Когда Хилари слез на землю с малышом, который неловко приткнулся у него под мышкой, какая-то пожилая женщина гневно выговорила ему:

— Пора бы знать, эдакому малолетке тут не место.

Он протиснулся мимо нее, онемев от смущенья, и наконец опустил малыша на землю в укромном уголке между двумя автоприцепами.

Потом они в смятении глянули друг на друга, малыш все еще всхлипывал, лицо сплошь в грязных брызгах слез.

Хилари не говорил ни слова. Он стоял молча, не спускал глаз с малыша, исполненный ненависти к существу, из-за которого попал в такое затруднительное положение, оказался в дураках. Трусоват ты, Жан, трусоват.

— Хочу назад мои красные перчатки, — шептал Жан.

Теперь будешь знать, счастье не покупается, холодно подумал Хилари. А вслух сказал:

— Раз кому-то сделал подарок, это уже навсегда.

Жан перестал всхлипывать, только стоял, весь дрожа, и не сводил с Хилари широко раскрытых глаз. Теперь будешь знать, что такое отчаяние, беспощадно подумал Хилари, поделом тебе; но за его гневом крылось возбуждающее его собственный интерес удовольствие — он знал, чем сильнее малыш расстроится сейчас, тем больше будет утешение, которое придется ему предложить.

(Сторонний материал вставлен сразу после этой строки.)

Lemma sum_rpow_pure_powers r L :
  fold_right Rplus 0 (map (fun bs => rpow (Cabs (pure_powers bs)) r) L)
  = INR (length (filter is_pure L)).
Proof.
  induction L as [|bs L IH]; [reflexivity |].
  cbn [map fold_right filter]. rewrite IH. unfold pure_powers.
  destruct (is_pure bs); unfold rpow.
  - rewrite Cabs_C1. destruct (Req_EM_T 1 0); [lra |].
    unfold Rpower. rewrite ln_1, Rmult_0_r, exp_0. simpl length. rewrite S_INR. ring.
  - rewrite Cabs_C0. destruct (Req_EM_T 0 0); [ring | lra].
Qed.

Lemma coeff_lr_norm_pure_powers n m r : (1 <= m)%nat ->
  coeff_lr_norm n m r pure_powers = rpow (INR n) (/ r).
Proof.
  intros Hm. unfold coeff_lr_norm.
  now rewrite sum_rpow_pure_powers, length_filter_pure_multi_indices.
Qed.

Lemma Cabs_monomial_from x i bs :
  Cabs (monomial_from x i bs) = rmonomial bs (fun j => Cabs (x (i + j)%nat)).
Proof.
  revert i; induction bs as [|k bs IH]; intros i; simpl; [apply Cabs_C1 |].
  rewrite Cabs_mul, Cabs_pow, IH, Nat.add_0_r. f_equal.
  apply rmonomial_ext. intros j. now rewrite Nat.add_succ_r.
Qed.

Lemma Cabs_monomial x bs : Cabs (monomial x bs) = rmonomial bs (fun j => Cabs (x j)).
Proof. apply Cabs_monomial_from. Qed.

Lemma Cabs_hpoly_eval_pure_powers_le n m x : (1 <= m)%nat ->
  Cabs (hpoly_eval (S n) m pure_powers x) <= sum_f_R0 (fun i => Cabs (x i) ^ m) n.
Proof.
  intros Hm. unfold hpoly_eval. rewrite <- sum_rmonomial_pure_multi_indices by exact Hm.
  induction (multi_indices (S n) m) as [|bs L IH]; cbn [map fold_right filter].
  - rewrite Cabs_C0; lra.
  - eapply Rle_trans; [apply Cabs_add |]. rewrite Cabs_mul, Cabs_monomial.
    unfold pure_powers at 1. destruct (is_pure bs); cbn [map fold_right];
      [rewrite Cabs_C1 | rewrite Cabs_C0]; lra.
Qed.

— Я потерял свой шарик, — сказал Жан голосом, лишенным всякой надежды.

— Я куплю тебе другой, — нетерпеливо сказал Хилари, схватил Жана за руку и потащил к торговцу воздушными шарами.

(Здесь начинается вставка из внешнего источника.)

(* Let $\Delta$, $\mathcal T$ (regular), $\Sigma$, $\mathbf v_0,\ldots,\mathbf v_n$, $K$, $\Phi_\beta$, $\int_{\mathcal A}$ and $C^{ample}_{\mathcal T}$ be as in the context, and let $\mathbf p=p\oplus d\in K\cap\bar M$. Let $\beta=(b_0,\ldots,b_n)\in\mathbb Z^{n+1}$ satisfy $\sum_{i=0}^nb_i\mathbf v_i=-\mathbf p$ and $b_0\le0$. If $\int_{\mathcal A}\Phi_\beta\ne0$, then $$\sum_{i=1}^nb_ih(v_i)+h(p)\ge0\quad\text{for every }h\in C^{ample}_{\mathcal T}.$$
   Context: $M\cong\mathbb Z^d$ lattice with dual $N$; $\Delta\subset M_{\mathbb R}$ a reflexive polytope; $v_1,\ldots,v_n\in\partial\Delta\cap M$ include all vertices of $\Delta$; $\mathcal T$ a regular triangulation of $\Delta$ with vertex set $\{\mathbf0\}\cup\{v_i\}$, all maximal simplices containing $\mathbf 0$; $\Sigma$ the complete simplicial fan of cones over simplices of $\mathcal T$ not containing $\mathbf0$. $C^{ample}_{\mathcal T}$ is the set of functions $h:M_{\mathbb R}\to\mathbb R$, linear on each cone of $\Sigma$ (integer-valued on $M$), such that for all points $y_i\in M_{\mathbb R}$ and positive reals $\alpha_i$, $h(\sum_i\alpha_iy_i)\le\sum_i\alpha_ih(y_i)$, with equality iff some cone of $\Sigma$ contains all $y_i$. For $k\ge0$, $A_k$ is $\mathbb C[D_1,\ldots,D_n]$ modulo $\sum_i(\lambda\cdot v_i)D_i$ ($\lambda\in N$) and monomials $\prod_iD_i^{r_i}$ such that no cone of $\Sigma$ contains all $v_i$ with $r_i>k$; it is identified with $H^*(\mathbb P_{\Sigma_k},\mathbb C)$ via $D_i\mapsto(k+1)D_{i,0}$, where $\Sigma_k$ is the complete simplicial fan in $M\oplus\mathbb Z^{nk}$ with rays $v_{i,j}=v_i\oplus e_{i,j}$ ($0\le j\le k$, $e_{i,j}$ for $j\ge1$ a basis, $e_{i,0}=-\sum_{j\ge1}e_{i,j}$), cones generated by sets $\{v_{i,j}:(i,j)\in I\}$ such that the $v_i$ with $(i,0),\ldots,(i,k)\in I$ lie in a cone of $\Sigma$, and $D_{i,j}$ the class of ray $v_{i,j}$. $\int_{A_k}=(k+1)^{-nk}\int_{\mathbb P_{\Sigma_k}}$; $\mathcal A=\varinjlim A_k$ under multiplication by $\prod_iD_i^l$, with induced $\int_{\mathcal A}$. $D_0=-\sum_iD_i$, $\bar M=M\oplus\mathbb Z$, $\mathbf v_i=v_i\oplus1$, $\mathbf v_0=\mathbf0\oplus1$, $K$ the cone spanned by the $\mathbf v_i$. $\Phi_\beta\in\mathcal A$ is the image of $D_0^{-b_0}\prod_{i=1}^nD_i^{k-b_i}\in A_k$ for $k\ge\max_ib_i$. *)

From HB Require Import structures.
From mathcomp Require Import all_boot all_order all_algebra all_field.
From mathcomp Require Import reals.
From mathcomp Require Import mpoly.
Set Implicit Arguments. Unset Strict Implicit. Unset Printing Implicit Defensive.
Import Order.TTheory GRing.Theory Num.Theory.
Local Open Scope ring_scope.

(* Lattice M = Z^d (row vectors 'rV[int]_d), M_R = R^d ('rV[R]_d).          *)
(* The dual lattice N is identified with Z^d via the standard dot product.  *)

Section Geometry.
Variables (R : realType) (d : nat).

— Вот! — протягивая свой дар, сказал он с такой, как сам понимал, неприемлемой суровостью, что не удивился, когда малыш выпустил веревочку из руки, шар упал наземь и был тотчас затоптан.

Ну и свинство, подумал Хилари; надо начать все сначала, и пусть опять радуется.

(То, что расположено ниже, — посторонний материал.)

(* Let $G$ be a finite cyclic group (written additively) and let $\mathcal A=\mathcal O(K,G)$ be an orbit S-ring over $G$ for some subgroup $K\le\mathrm{Aut}(G)$. Suppose there is a basic set $X$ of $\mathcal A$ such that $X^{(-1)}\subseteq X+X$ and $X$ generates $G$. Then there exists an integer $b$ such that $Y^{(b)}=Y^{(-b-1)}=Y$ for every basic set $Y$ of $\mathcal A$. In particular, $Y^{(-1)}\subseteq Y+Y$ for every basic set $Y$.
   Context: An S-ring over a finite group $G$ is a subring $\mathcal A$ of the group ring $\mathbb{Z}[G]$ having a $\mathbb{Z}$-basis $\{\underline X:X\in\mathcal S\}$ for a partition $\mathcal S$ of $G$ with $\{0\}\in\mathcal S$ and $X^{(-1)}\in\mathcal S$ for all $X\in\mathcal S$, where $\underline X=\sum_{x\in X}x$; elements of $\mathcal S$ are basic sets. For $K\le\mathrm{Aut}(G)$, $\mathcal O(K,G)$ is the S-ring whose basic sets are the orbits of $K$ on $G$. For $X\subseteq G$ and an integer $m$, $X^{(m)}=\{mx:x\in X\}$, and $X+X=\{x+x':x,x'\in X\}$. *)

(* The finite cyclic group G is a cyclic subgroup of a
   finGroupType, written multiplicatively (the paper's additive notation:
   x + y ~ x * y, m x ~ x ^ m, X + X ~ X * X). *)
From mathcomp Require Import all_boot all_algebra all_fingroup all_solvable.
Set Implicit Arguments. Unset Strict Implicit. Unset Printing Implicit Defensive.

Definition zexpg (gT : finGroupType) (x : gT) (m : int) : gT :=
  match m with
  | Posz n => x ^+ n
  | Negz n => (x ^+ n.+1)^-1
  end.

Definition spow (gT : finGroupType) (X : {set gT}) (m : int) : {set gT} :=
  [set zexpg x m | x in X].

(* Basic sets of the orbit S-ring O(K,G): the orbits of K on G. *)
Definition orbit_basic_sets (gT : finGroupType) (K : {group {perm gT}})
  (G : {group gT}) : {set {set gT}} :=
  orbit 'P K @: G.

(* Every automorphism of a cyclic group is a power map x |-> x^n, so each
   element of K acts on G as a power map.  Since the orbit X of x0 consists of
   powers of x0 and generates G, x0 generates G.  Writing x0^-1 = t1(x0) t2(x0)
   with t1 = x^m1, t2 = x^m2 in K, the identity y^-1 = y^m1 y^m2 spreads from
   x0 to all of G; hence the power maps by b := m1 and by -b-1 (which equals
   x^m2 on G) are realised by elements of K and fix every orbit of K.  Finally
   y^-1 = y^b y^(-b-1) puts Y^(-1) inside Y Y. *)
From mathcomp Require Import all_boot all_algebra all_fingroup all_solvable.
Set Implicit Arguments. Unset Strict Implicit. Unset Printing Implicit Defensive.
Import GroupScope.

Lemma Aut_cycle_expg (gT : finGroupType) (a : gT) (f : {perm gT}) :
  f \in Aut <[a]> -> exists n, {in <[a]>, f =1 fun x => x ^+ n}.
Proof.
move=> Af; have: f a \in <[a]> by rewrite (Aut_closed Af) ?cycle_id.
case/cycleP=> n fa; exists n => x /cycleP[k ->].
by rewrite -(autmE Af) morphX ?cycle_id //= autmE fa -!expgM mulnC.
Qed.

Lemma Aut_cyclic_expg (gT : finGroupType) (G : {group gT}) (f : {perm gT}) :
  cyclic G -> f \in Aut G -> exists n, {in G, f =1 fun x => x ^+ n}.
Proof. by case/cyclicP=> a ->; apply: Aut_cycle_expg. Qed.

Lemma cycle_expg_inv (gT : finGroupType) (a : gT) m n :
  a^-1 = a ^+ m * a ^+ n -> {in <[a]>, forall y, y^-1 = y ^+ m * y ^+ n}.
Proof.
move=> inv_a _ /cycleP[k ->].
rewrite -expgVn inv_a expgMn; last exact: commuteX2.
by rewrite -!expgM !(mulnC k).
Qed.

Lemma zexpgN1 (gT : finGroupType) (x : gT) : zexpg x (-1) = x^-1.
Proof. by rewrite /= expg1. Qed.

Lemma zexpg_oppS (gT : finGroupType) (x : gT) (m : nat) :
  zexpg x (- Posz m - 1)%R = (x ^+ m.+1)^-1.
Proof. by rewrite -GRing.opprD -PoszD addn1 -NegzE. Qed.

Lemma zexpg_inv_split (gT : finGroupType) (x : gT) (b : int) :
  zexpg x b * zexpg x (- b - 1)%R = x^-1.
Proof.
case: b => n; first by rewrite zexpg_oppS expgS invMg /= mulKVg.
have -> : (- Negz n - 1)%R = Posz n.
  by rewrite NegzE GRing.opprK -addn1 PoszD GRing.addrK.
by rewrite /= expgSr invMg mulgKV.
Qed.

Lemma spowN1_subset (gT : finGroupType) (Y : {set gT}) (b : int) :
  spow Y b = Y -> spow Y (- b - 1)%R = Y -> spow Y (-1) \subset Y * Y.
Proof.
move=> Yb Yb'; apply/subsetP=> _ /imsetP[y Yy ->].
rewrite zexpgN1 -(zexpg_inv_split y b) mem_mulg //.
  by rewrite -Yb imset_f.
by rewrite -Yb' imset_f.
Qed.

Lemma imset_orbit_perm (gT : finGroupType) (K : {group {perm gT}}) t y :
  t \in K -> t @: orbit 'P K y = orbit 'P K y.
Proof.
move=> Kt; have nKt := subsetP (acts_orbit 'P y (subsetT K)) t Kt.
by rewrite -{2}(astabs_setact nKt) setactE.
Qed.

Section PowerMapOrbits.

Variables (gT : finGroupType) (G : {group gT}) (K : {group {perm gT}}).
Hypothesis sKAut : K \subset Aut G.

Lemma orbit_perm_sub y : y \in G -> orbit 'P K y \subset G.
Proof.
move=> Gy; apply/subsetP=> _ /orbitP[s Ks <-].
by rewrite /= apermE (Aut_closed (subsetP sKAut s Ks)).
Qed.

Lemma spow_orbit t m y :
  y \in G -> t \in K -> {in G, t =1 fun x => zexpg x m} ->
  spow (orbit 'P K y) m = orbit 'P K y.
Proof.
move=> Gy Kt tG; rewrite -{2}(imset_orbit_perm y Kt).
by apply: eq_in_imset => z /(subsetP (orbit_perm_sub Gy)) /tG.
Qed.

Lemma orbit_sub_cycle y :
  {in K, forall t : {perm gT}, exists n, {in G, t =1 fun x => x ^+ n}} ->
  y \in G -> orbit 'P K y \subset <[y]>.
Proof.
move=> expK Gy; apply/subsetP=> _ /orbitP[s Ks <-].
by have [n sG] := expK s Ks; rewrite /= apermE sG // mem_cycle.
Qed.

End PowerMapOrbits.

Theorem lemma4p6 (gT : finGroupType) (G : {group gT})
  (K : {group {perm gT}}) (X : {set gT}) :
  cyclic G ->
  K \subset Aut G ->
  X \in orbit_basic_sets K G ->
  spow X (-1)%R \subset (X * X)%g ->
  <<X>>%g = G ->
  (exists b : int, forall Y, Y \in orbit_basic_sets K G ->
      spow Y b = Y /\ spow Y (- b - 1)%R = Y) /\
  (forall Y, Y \in orbit_basic_sets K G -> spow Y (-1)%R \subset (Y * Y)%g).
Proof.
move=> cycG sKAut /imsetP[x0 Gx0 ->] X_inv genX.
have expK : {in K, forall t : {perm gT}, exists n, {in G, t =1 fun x => x ^+ n}}.
  by move=> t Kt; apply: Aut_cyclic_expg (subsetP sKAut t Kt).
have sGx0 : G \subset <[x0]>.
  by rewrite -genX gen_subG (orbit_sub_cycle expK Gx0).
have X_x0inv : x0^-1 \in spow (orbit 'P K x0) (-1).
  by rewrite -zexpgN1 imset_f ?orbit_refl.
have [_ _ /orbitP[t1 Kt1 <-] /orbitP[t2 Kt2 <-]] := mulsgP (subsetP X_inv _ X_x0inv).
have [[m1 t1G] [m2 t2G]] := (expK t1 Kt1, expK t2 Kt2).
rewrite /= !apermE t1G ?t2G // => /cycle_expg_inv invG.
have [b Kb] : exists b : int, forall Y, Y \in orbit_basic_sets K G ->
    spow Y b = Y /\ spow Y (- b - 1)%R = Y.
  exists (Posz m1) => _ /imsetP[y Gy ->]; split.
    by apply: (spow_orbit sKAut Gy Kt1) => x Gx; rewrite t1G.
  apply: (spow_orbit sKAut Gy Kt2) => x Gx.
  rewrite zexpg_oppS t2G // expgSr invMg invG ?(subsetP sGx0) //.
  by rewrite (commuteX2 m1 m2 (commute_refl x)) mulgK.
split; first by exists b.
by move=> Y /Kb[]; apply: spowN1_subset.
Qed.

— Пойдем испытаем еще вон тот тир, — намеренно безучастным голосом сказал он, показывая на пестро разубранный балаган чуть в стороне, и Жан сказал так же безучастно:

— Ладно, пойдем испытаем.

Но Хилари вдруг спохватился, взглянул на часы — было семь; они уже на четверть часа опоздали в приют и на четверть часа в цирк тоже.

— Нет, мы не можем, — сказал он резко, — нам пора возвращаться, не то я опоздаю.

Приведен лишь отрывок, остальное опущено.